Skill Analyzing Object - accelerate-data/migration-utility GitHub Wiki

Skill: Analyzing Object

Purpose

Deep-dive analysis of a single stored procedure. Resolves call graphs to base tables, classifies each statement as migrate or skip, produces a logic summary and migration guidance, and persists resolved statements to the procedure catalog file. This skill is called both directly by users and as a sub-agent by Skill Scoping Table.

Invocation

/analyzing-object <schema.procedure>

Argument is the fully-qualified procedure name (e.g., dbo.usp_load_DimCustomer). The skill asks if missing. Only procedures are supported -- for views, functions, or tables, use Skill Listing Objects instead.

Prerequisites

  • manifest.json must exist in the project root. If missing, run Skill Setup DDL first.
  • catalog/procedures/<name>.json must exist. If the object is a view, function, or table, the skill directs the user to /listing-objects show <name> instead.

Pipeline

1. Fetch object data

uv run --project <shared-path> discover show --name <proc>

Returns refs, statements, classification, raw_ddl, params, and routing_reasons.

2. Classify statements

Checks the classification field from the catalog:

Classification Behavior
deterministic (with statements populated) Refs and statements are pre-classified by the AST. Used as authoritative source of truth alongside the body.
claude_assisted (or statements is null) Each statement must be classified from raw_ddl by the LLM.

3. Resolve call graph

Read/write targets come from refs. Any ref that is a view, function, or procedure (not a base table) is resolved by running discover show on it to get its refs, following the chain until base tables are reached. The full lineage is presented as a tree:

silver.usp_load_DimCustomer  (direct writer)
  +-- reads: silver.vw_ProductCatalog (view)
  |     +-- reads: bronze.Customer
  |     +-- reads: bronze.Product
  +-- reads: bronze.Person
  +-- writes: silver.DimCustomer

4. Logic summary

Plain-language step-by-step description of what the procedure does, derived from raw_ddl.

5. Migration guidance

Each statement is tagged as migrate or skip:

Action Meaning
migrate Core transformation (INSERT, UPDATE, DELETE, MERGE, SELECT INTO) -- becomes the dbt model
skip Operational overhead (SET, TRUNCATE, DROP/CREATE INDEX) -- dbt handles or ignores

6. Persist resolved statements

Deterministic procedures (classification: deterministic, no claude actions): all statements are already AST-classified. Persisted immediately with source: "ast". No additional user confirmation needed.
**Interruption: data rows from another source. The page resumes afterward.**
Lemma pt_rep_exists : exists m, p (tr_from m) = true.
Proof.
  destruct (pt_join (fun w => exists m, w = tr_from m)) as [w [[m ->] Hw]]; eauto.
  apply pt_top. intros m s. apply cl_sub.
  exists (tr_from m). split; [eauto | exact (tr_refl m s)].
Qed.

Definition pt_rep : T unit :=
  proj1_sig (ClassicalEpsilon.constructive_indefinite_description _ pt_rep_exists).

Lemma pt_rep_spec : p (tr_from pt_rep) = true.
Proof.
  exact (proj2_sig (ClassicalEpsilon.constructive_indefinite_description _ pt_rep_exists)).
Qed.

Definition upset s : Fin T -> Prop := fun s' => incl s s'.

Lemma upset_upclosed s : upclosed (upset s).
Proof. intros s1 s2 H12 H1; exact (incl_tran H1 H12). Qed.

Lemma pt_gen b : p (const1 (closure (gen b))) = true <-> pt_beh b = true.
Proof.
  rewrite <- (mapsto_true b) at 1. split.
  - apply pt_beh_eq.
  - intros H. pose proof (pt_beh_spec b) as Hb. rewrite H in Hb. exact Hb.
Qed.

Lemma pt_upset s : p (const1 (closure (upset s))) = true <-> holds pt_beh s.
Proof.
  split.
  - intros H b Hb. apply pt_gen. apply (pt_mono H).
    intros m s'; simpl. apply cl_mono. intros s'' Hs''. exact (Hs'' b Hb).
  - induction s as [|b s IH]; intros Hs.
    + apply pt_top. intros m s'. apply cl_sub. intros x [].
    + assert (Hb : p (const1 (closure (gen b))) = true) by (apply pt_gen, Hs; left; auto).
      assert (Hs' : holds pt_beh s) by (intros x Hx; apply Hs; right; exact Hx).
      apply (pt_mono (pt_meet Hb (IH Hs'))). intros m s' [G1 G2].
      generalize (cl_meet (gen_upclosed b) (upset_upclosed s) G1 G2).
      apply cl_mono. intros s'' [E1 E2] x [<-|Hx]; auto.
Qed.

(* [w] and [const1 (O1_at w pt_rep)] agree under [p], by transport along
   [[pt_rep ~ m]], which [p] validates through [tr_from pt_rep]. *)
Lemma pt_char w : p w = true <-> pt0 pt_beh (O1_at w pt_rep).
Proof.
  split.
  - intros H.
    assert (Hrep : p (const1 (O1_at w pt_rep)) = true).
    { apply (pt_mono (pt_meet H pt_rep_spec)). intros m s [Hw Htr].
      exact (tr_transport w (tr_sym Htr) Hw). }
    destruct (pt_join (fun x => exists s, O1_at w pt_rep s /\ x = const1 (closure (upset s))))
      as [x [[s [Hs ->]] Hx]].
    + apply (pt_mono Hrep). intros m s Hs. apply cl_sub.
      exists (const1 (closure (upset s))). split; [eauto | apply cl_sub, incl_refl].
    + exists s. split; [exact Hs | exact (proj1 (pt_upset s) Hx)].
  - intros [s [Hs Hholds]].
    apply (pt_mono (pt_meet pt_rep_spec (proj2 (pt_upset s) Hholds))).
    intros m s' [Htr Hup]. refine (tr_transport w Htr _).
    refine (cl_least (O1_at w pt_rep) _ s' Hup). intros s'' Hi. exact (o0_up Hi Hs).
Qed.
End Point.

(** * From behaviours to points *)

Hypothesis Hrank : has_rank T K.

Section Behaviour.
Variable beta : forall A : Type, T A -> A.
Hypothesis Hbeta : admissible beta.

Lemma beta_mapsto_true {A} (t : T A) a : beta bool (mapsto t a) = true <-> beta A t = a.
Proof.
  change (mapsto t a) with (fmap (delta a) t). rewrite (proj1 Hbeta). exact (bool_of_true _).
Qed.

Lemma beta_ret {A B} (t : T A) (b : B) : beta B (mthen t (ret b)) = b.
Proof. exact (proj1 Hbeta A B (fun _ => b) t). Qed.

Lemma holds_mapsto {s A} {t : T A} {a} : holds beta s -> gen (mapsto t a) s -> beta A t = a.
Proof. intros Hs Hg. exact (proj1 (beta_mapsto_true t a) (Hs _ Hg)). Qed.

Lemma holds_app {s1 s2} : holds beta s1 -> holds beta s2 -> holds beta (s1 ++ s2).
Proof. intros H1 H2 b Hb; apply in_app_or in Hb as [Hb|Hb]; auto. Qed.

Lemma pt0_rel {l r} : LB0_rel l r -> (pt0 beta l <-> pt0 beta r).
Proof.
  intros [A t a a' Hne | A B t b | A B t u b]; split.
  - intros [s [[G1 G2] Hs]]. apply (holds_mapsto Hs) in G1, G2. congruence.
  - intros [s [[] _]].
  - intros _. exists []; split; [exact I | intros b' []].
  - intros _. exists [mapsto (mthen t (ret b)) b]; split; [left; reflexivity |].
    intros x [<-|[]]. apply beta_mapsto_true, beta_ret.
  - intros [s [G Hs]]. apply (holds_mapsto Hs) in G.
    exists [mapsto t (beta A t); mapsto (mthen t (u (beta A t))) b]. split.
    + exists (beta A t); split; [left | right; left]; reflexivity.
    + intros x [<-|[<-|[]]]; apply beta_mapsto_true; auto.
      rewrite <- G. symmetry. apply (proj2 Hbeta).
  - intros [s [[a [G1 G2]] Hs]]. apply (holds_mapsto Hs) in G1, G2.
    exists [mapsto (bind t u) b]. split; [left; reflexivity |].
    intros x [<-|[]]. apply beta_mapsto_true. rewrite (proj2 Hbeta), G1; exact G2.
Qed.

Lemma refuted_upclosed : upclosed (fun s => ~ holds beta s).
Proof. intros s s' Hi H Hs'. apply H. intros b Hb. exact (Hs' b (Hi b Hb)). Qed.

(* Saturated because [pt0 beta] respects the relations; it makes [pt0 beta]
   commute with [cl]. *)
Lemma refuted_saturated : saturated (fun s => ~ holds beta s).
Proof.
  intros l r Hlr s. destruct (LB0_rel_upclosed Hlr) as [Ul Ur].
  destruct (classic (holds beta s)) as [Hs|Hs].
  - assert (refutes : forall X : Fin T -> Prop, upclosed X ->
      (forall s', incl s s' -> X s' -> ~ holds beta s') <-> ~ pt0 beta X).
    { intros X UX; split.
      - intros H [s' [HX Hs']]. apply (H (s' ++ s)).
        + apply incl_appr, incl_refl.
        + exact (UX _ _ (incl_appl _ (incl_refl s')) HX).
        + exact (holds_app Hs' Hs).
      - intros H s' _ HX Hs'. apply H. exists s'; auto. }
    rewrite (refutes l Ul), (refutes r Ur), (pt0_rel Hlr). tauto.
  - split; intros _ s' Hi _ Hs'; apply Hs; intros b Hb; exact (Hs' b (Hi b Hb)).
Qed.

Definition refuted : O0 T := MkO0 refuted_upclosed refuted_saturated.

Lemma pt0_cl {P} : pt0 beta (cl P) -> pt0 beta P.
Proof.
  intros [s [Hs Hholds]]. apply NNPP. intros HP.
  refine (cl_least refuted _ s Hs Hholds). intros s' Hs' Hholds'. apply HP. exists s'; auto.
Qed.

Lemma pt0_mono {P Q} : (forall s, P s -> Q s) -> pt0 beta P -> pt0 beta Q.
Proof. intros HPQ [s [Hs Hholds]]. exists s; auto. Qed.

Lemma pt0_mapsto_beta {A} (t : T A) : pt0 beta (closure (gen (mapsto t (beta A t)))).
Proof.
  exists [mapsto t (beta A t)]. split; [apply cl_sub; left; reflexivity |].
  intros x [<-|[]]. apply beta_mapsto_true; reflexivity.
Qed.

Lemma pt0_meet {D E} : pt0 beta D -> pt0 beta E -> pt0 beta (fun s => D s /\ E s).
Proof.
  intros [s1 [H1 T1]] [s2 [H2 T2]]. exists (s1 ++ s2). split; [split|exact (holds_app T1 T2)].
  - exact (o0_up (incl_appl _ (incl_refl s1)) H1).
  - exact (o0_up (incl_appr _ (incl_refl s2)) H2).
Qed.

Lemma tr1_sound {x y s} : tr1 K x y s -> holds beta s -> beh_eq beta x y.
Proof.
  intros Hxy Hs.
  destruct (pt0_cl (ex_intro _ s (conj Hxy Hs)))
    as [s' [(A & t & u & u' & a & _ & Ha & -> & -> & Hg) Hs']].
  destruct (pt0_cl (ex_intro _ s' (conj Hg Hs'))) as [s'' [Hg' Hs'']].
  rewrite <- (holds_mapsto Hs'' Hg') in Ha.
  apply rst_trans with (mthen t (u (beta A t))).
  - apply rst_step. exists A, t, u. auto.
  - apply rst_sym, rst_step. exists A, t, u'. rewrite Ha. auto.
Qed.

Lemma chain_sound ms : forall {x y s}, chain K s x ms y -> holds beta s -> beh_eq beta x y.
Proof.
  induction ms as [|m ms IH]; simpl; intros x y s H Hs.
  - exact (tr1_sound H Hs).
  - destruct H as [H1 H2]. exact (rst_trans _ _ _ _ _ (tr1_sound H1 Hs) (IH _ _ _ H2 Hs)).
Qed.

Lemma tr_sound x y : pt0 beta (tr K x y) -> beh_eq beta x y.
Proof.
  intros [s [Hxy Hs]]. rewrite tr_cl_chains in Hxy.
  destruct (pt0_cl (ex_intro _ s (conj Hxy Hs))) as [s' [[ms H] Hs']].
  exact (chain_sound ms H Hs').
Qed.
Claude-assisted procedures (classification: claude_assisted or statements containing action: "claude"):

  1. Each claude statement is analyzed -- call graph followed, dynamic SQL resolved, classified as migrate or skip
  2. Full resolved statement list presented for user confirmation
  3. After confirmation, persisted with source: "llm". Each statement includes a rationale field.
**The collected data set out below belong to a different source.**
Lemma pot_increasing_first x y : 0 <= x -> x < y -> y <= 2 * PI / 3 -> pot x < pot y.
Proof.
  intros Hx Hxy Hy. destruct (pot_mvt x y Hxy) as [z [E Hz]].
  assert (- (1/2) < cos z) by (apply cos_gt_first; lra). nra.
Qed.

Lemma pot_decreasing_mid x y : 2 * PI / 3 <= x -> x < y -> y <= 4 * PI / 3 -> pot y < pot x.
Proof.
  intros Hx Hxy Hy. destruct (pot_mvt x y Hxy) as [z [E Hz]].
  assert (cos z < - (1/2)) by (apply cos_lt_mid; lra). nra.
Qed.

Lemma pot_le_first x y : 0 <= x -> x <= y -> y <= 2 * PI / 3 -> pot x <= pot y.
Proof.
  intros Hx [Hxy | ->] Hy; [left; apply pot_increasing_first | right]; auto.
Qed.

Lemma pot_ge_mid x y : 2 * PI / 3 <= x -> x <= y -> y <= 4 * PI / 3 -> pot y <= pot x.
Proof.
  intros Hx [Hxy | ->] Hy; [left; apply pot_decreasing_mid | right]; auto.
Qed.

Lemma pot_le_last x y : 4 * PI / 3 <= x -> x <= y -> y <= 2 * PI -> pot x <= pot y.
Proof.
  intros Hx [Hxy | ->] Hy; [| lra].
  destruct (pot_mvt x y Hxy) as [z [E Hz]].
  assert (- (1/2) < cos z) by (apply cos_gt_last; lra). nra.
Qed.

Lemma pot_ge_pot_4PI3 r : 2 * PI / 3 <= r <= 2 * PI -> pot (4 * PI / 3) <= pot r.
Proof.
  intros Hr. destruct (Rle_dec r (4 * PI / 3)).
  - apply pot_ge_mid; lra.
  - apply pot_le_last; lra.
Qed.

Lemma pot_range x : 0 <= x <= 2 * PI -> 0 <= pot x <= 2 * PI.
Proof.
  intros Hx. unfold pot. pose proof PI_gt_3. pose proof (SIN_bound x).
  destruct (Rle_dec x PI).
  - pose proof (sin_ge_0 x). lra.
  - pose proof (sin_le_0 x). lra.
Qed.

Definition pot_drop : R := pot (2 * PI / 3) - pot (4 * PI / 3).

Definition pot_gap (c : R) : R :=
  Rmin (pot (2 * PI / 3) - pot (2 * PI / 3 - c)) (pot (2 * PI / 3) - pot (2 * PI / 3 + c)).

Lemma pot_drop_le : pot_drop <= 2 * PI.
Proof.
  pose proof PI_gt_3. unfold pot_drop.
  pose proof (pot_range (2 * PI / 3)). pose proof (pot_range (4 * PI / 3)). lra.
Qed.

Lemma pot_gap_pos c : 0 < c <= PI / 3 -> 0 < pot_gap c.
Proof.
  intros Hc. pose proof PI_gt_3. unfold pot_gap. apply Rmin_glb_lt.
  - pose proof (pot_increasing_first (2 * PI / 3 - c) (2 * PI / 3)). lra.
  - pose proof (pot_decreasing_mid (2 * PI / 3) (2 * PI / 3 + c)). lra.
Qed.

Lemma pot_gap_le_drop c : 0 < c <= PI / 3 -> pot_gap c <= pot_drop.
Proof.
  intros Hc. pose proof PI_gt_3. unfold pot_gap, pot_drop.
  pose proof (Rmin_r (pot (2 * PI / 3) - pot (2 * PI / 3 - c)) (pot (2 * PI / 3) - pot (2 * PI / 3 + c))).
  pose proof (pot_ge_mid (2 * PI / 3 + c) (4 * PI / 3)). lra.
Qed.

Lemma pot_drop_far c t r : 0 < c <= PI / 3 -> 0 <= t -> c <= Rabs (t - 2 * PI / 3) ->
  t <= r <= 2 * PI -> pot t - pot r <= pot_drop - pot_gap c.
Proof.
  intros Hc Ht Hfar Hr. pose proof PI_gt_3.
  pose proof (Rmin_l (pot (2 * PI / 3) - pot (2 * PI / 3 - c)) (pot (2 * PI / 3) - pot (2 * PI / 3 + c))).
  pose proof (Rmin_r (pot (2 * PI / 3) - pot (2 * PI / 3 - c)) (pot (2 * PI / 3) - pot (2 * PI / 3 + c))).
  assert (pot (4 * PI / 3) <= pot (2 * PI / 3 + c)) by (apply pot_ge_mid; lra).
  unfold pot_drop, pot_gap in *.
  destruct (Rle_dec t (2 * PI / 3)).
  - rewrite Rabs_left1 in Hfar by lra.
    assert (pot t <= pot (2 * PI / 3 - c)) by (apply pot_le_first; lra).
    destruct (Rle_dec r (2 * PI / 3)).
    + assert (pot t <= pot r) by (apply pot_le_first; lra). lra.
    + assert (pot (4 * PI / 3) <= pot r) by (apply pot_ge_pot_4PI3; lra). lra.
  - rewrite Rabs_right in Hfar by lra.
    destruct (Rle_dec t (4 * PI / 3)).
    + assert (pot t <= pot (2 * PI / 3 + c)) by (apply pot_ge_mid; lra).
      assert (pot (4 * PI / 3) <= pot r) by (apply pot_ge_pot_4PI3; lra). lra.
    + assert (pot t <= pot r) by (apply pot_le_last; lra). lra.
Qed.

(** * Estimates on the density *)

Section Density.

Variable g : R.

Lemma w_minus_continuous x : continuous (w_minus g) x.
Proof. apply (ex_derive_continuous (V := R_NormedModule)). unfold w_minus. auto_derive. auto. Qed.

Lemma w_plus_continuous x : continuous (w_plus g) x.
Proof. apply (ex_derive_continuous (V := R_NormedModule)). unfold w_plus. auto_derive. auto. Qed.

Lemma ex_RInt_w_minus a b : ex_RInt (w_minus g) a b.
Proof. apply (ex_RInt_continuous (V := R_CompleteNormedModule)). intros; apply w_minus_continuous. Qed.

Lemma RInt_w_minus_Chasles a b c :
  RInt (w_minus g) a b + RInt (w_minus g) b c = RInt (w_minus g) a c.
Proof. apply (RInt_Chasles (V := R_CompleteNormedModule)); apply ex_RInt_w_minus. Qed.

Lemma RInt_w_minus_ge_0 a b : a <= b -> 0 <= RInt (w_minus g) a b.
Proof.
  intros Hab. apply RInt_ge_0; auto using ex_RInt_w_minus.
  intros; left; apply exp_pos.
Qed.

Lemma RInt_w_minus_continuous x : continuous (fun t => RInt (w_minus g) 0 t) x.
Proof.
  apply (ex_derive_continuous (V := R_NormedModule)). exists (w_minus g x).
  apply (is_derive_RInt (V := R_NormedModule) _ _ 0).
  - apply filter_forall. intros; apply (RInt_correct (V := R_CompleteNormedModule)), ex_RInt_w_minus.
  - apply w_minus_continuous.
Qed.

Lemma u_unnorm_continuous x : continuous (u_unnorm g) x.
Proof.
  unfold u_unnorm.
  apply (continuous_plus (fun t => (exp (- 2 * PI * alpha g) - 1) * w_plus g t
      / RInt (w_minus g) 0 (2 * PI) * RInt (w_minus g) 0 t)); [| apply w_plus_continuous].
  apply (continuous_mult (fun t => (exp (- 2 * PI * alpha g) - 1) * w_plus g t
      / RInt (w_minus g) 0 (2 * PI))); [| apply RInt_w_minus_continuous].
  apply (continuous_mult (fun t => (exp (- 2 * PI * alpha g) - 1) * w_plus g t)); [| apply continuous_const].
  apply (continuous_mult (fun _ => exp (- 2 * PI * alpha g) - 1)); [apply continuous_const | apply w_plus_continuous].
Qed.

Lemma ex_RInt_u_unnorm a b : ex_RInt (u_unnorm g) a b.
Proof. apply (ex_RInt_continuous (V := R_CompleteNormedModule)). intros; apply u_unnorm_continuous. Qed.

Lemma ex_RInt_u_star a b : ex_RInt (u_star g) a b.
Proof.
  apply (ex_RInt_continuous (V := R_CompleteNormedModule)). intros z _.
  apply (continuous_mult (u_unnorm g) (fun _ => / Zc g)); [apply u_unnorm_continuous | apply continuous_const].
Qed.

Let M := RInt (w_minus g) 0 (2 * PI).

Lemma M_pos : 0 < M.
Proof.
  pose proof PI_gt_3. apply RInt_gt_0; [lra | |].
  - intros; apply exp_pos.
  - intros; apply w_minus_continuous.
Qed.

Lemma u_unnorm_eq t : u_unnorm g t =
  w_plus g t * (exp (- 2 * PI * alpha g) * RInt (w_minus g) 0 t + RInt (w_minus g) t (2 * PI)) / M.
Proof.
  pose proof M_pos as HM. unfold u_unnorm, M in *.
  rewrite <- (RInt_w_minus_Chasles 0 t (2 * PI)) in *. field. lra.
Qed.

Lemma u_unnorm_ge_0 t : 0 <= t <= 2 * PI -> 0 <= u_unnorm g t.
Proof.
  intros Ht. rewrite u_unnorm_eq. pose proof M_pos.
  pose proof (exp_pos (- 2 * PI * alpha g)).
  assert (0 <= RInt (w_minus g) 0 t) by (apply RInt_w_minus_ge_0; lra).
  assert (0 <= RInt (w_minus g) t (2 * PI)) by (apply RInt_w_minus_ge_0; lra).
  apply Rmult_le_pos; [| left; apply Rinv_0_lt_compat; auto].
  apply Rmult_le_pos; [left; apply exp_pos | nra].
Qed.

Hypothesis g_pos : 0 < g.

Lemma alpha_pos : 0 < alpha g.
Proof. unfold alpha. apply Rdiv_lt_0_compat; lra. Qed.

Lemma M_le : M <= 2 * PI.
Proof.
  pose proof PI_gt_3. pose proof alpha_pos.
  assert (Hle : M <= RInt (fun _ => 1) 0 (2 * PI)).
  { apply RInt_le; [lra | apply ex_RInt_w_minus | apply (ex_RInt_const (V := R_CompleteNormedModule)) |].
    intros x Hx. rewrite <- exp_0. apply exp_le_exp.
    pose proof (pot_range x). fold (pot x). nra. }
  rewrite RInt_const_R in Hle. lra.
Qed.

Lemma w_plus_tail_le c t : 0 < c <= PI / 3 -> 0 <= t <= 2 * PI -> c <= Rabs (t - 2 * PI / 3) ->
  w_plus g t * RInt (w_minus g) t (2 * PI) <= 2 * PI * exp (alpha g * (pot_drop - pot_gap c)).
Proof.
  intros Hc Ht Hfar. pose proof alpha_pos. pose proof PI_gt_3.
  rewrite <- (RInt_scal (V := R_CompleteNormedModule)) by apply ex_RInt_w_minus.
  assert (Hle : RInt (fun r => scal (w_plus g t) (w_minus g r)) t (2 * PI) <=
              RInt (fun _ => exp (alpha g * (pot_drop - pot_gap c))) t (2 * PI)).
  { apply RInt_le; [lra | | apply (ex_RInt_const (V := R_CompleteNormedModule)) |].
    - apply (ex_RInt_scal (V := R_CompleteNormedModule)), ex_RInt_w_minus.
    - intros r Hr. unfold scal; simpl; unfold mult; simpl.
      unfold w_plus, w_minus. rewrite <- exp_plus. apply exp_le_exp.
      replace (alpha g * (t + 2 * sin t) + - alpha g * (r + 2 * sin r))
        with (alpha g * (pot t - pot r)) by (unfold pot; ring).
      apply Rmult_le_compat_l; [lra |]. apply pot_drop_far; lra. }
  rewrite RInt_const_R in Hle.
  eapply Rle_trans; [apply Hle |].
  pose proof (exp_pos (alpha g * (pot_drop - pot_gap c))). nra.
Qed.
No claude actions are written to catalog -- all must be resolved before persisting.

mkdir -p .staging
# Write statements JSON to .staging/statements.json
uv run --project <shared-path> discover write-statements \
  --name <procedure_name> --statements-file .staging/statements.json; rm -rf .staging

Reads

File Description
manifest.json Project root validation
catalog/procedures/<proc>.json Procedure metadata, refs, routing info
ddl/procedures.sql Raw DDL (via discover show)
catalog/views/<view>.json Resolved during call graph traversal
catalog/functions/<func>.json Resolved during call graph traversal

Writes

statements[] array in catalog/procedures/<proc>.json

Field Type Required Description
type string no Statement type -- sqlglot AST node class name (e.g., Insert, Update, Merge, Command)
action string yes Enum: migrate, skip
source string yes Enum: ast (deterministic sqlglot parse), llm (Claude analysis)
sql string yes SQL text of the statement
rationale string no Why this statement is migrate or skip. Required for source: "llm"; optional for source: "ast"

Procedure catalog fields (read, not written by this skill)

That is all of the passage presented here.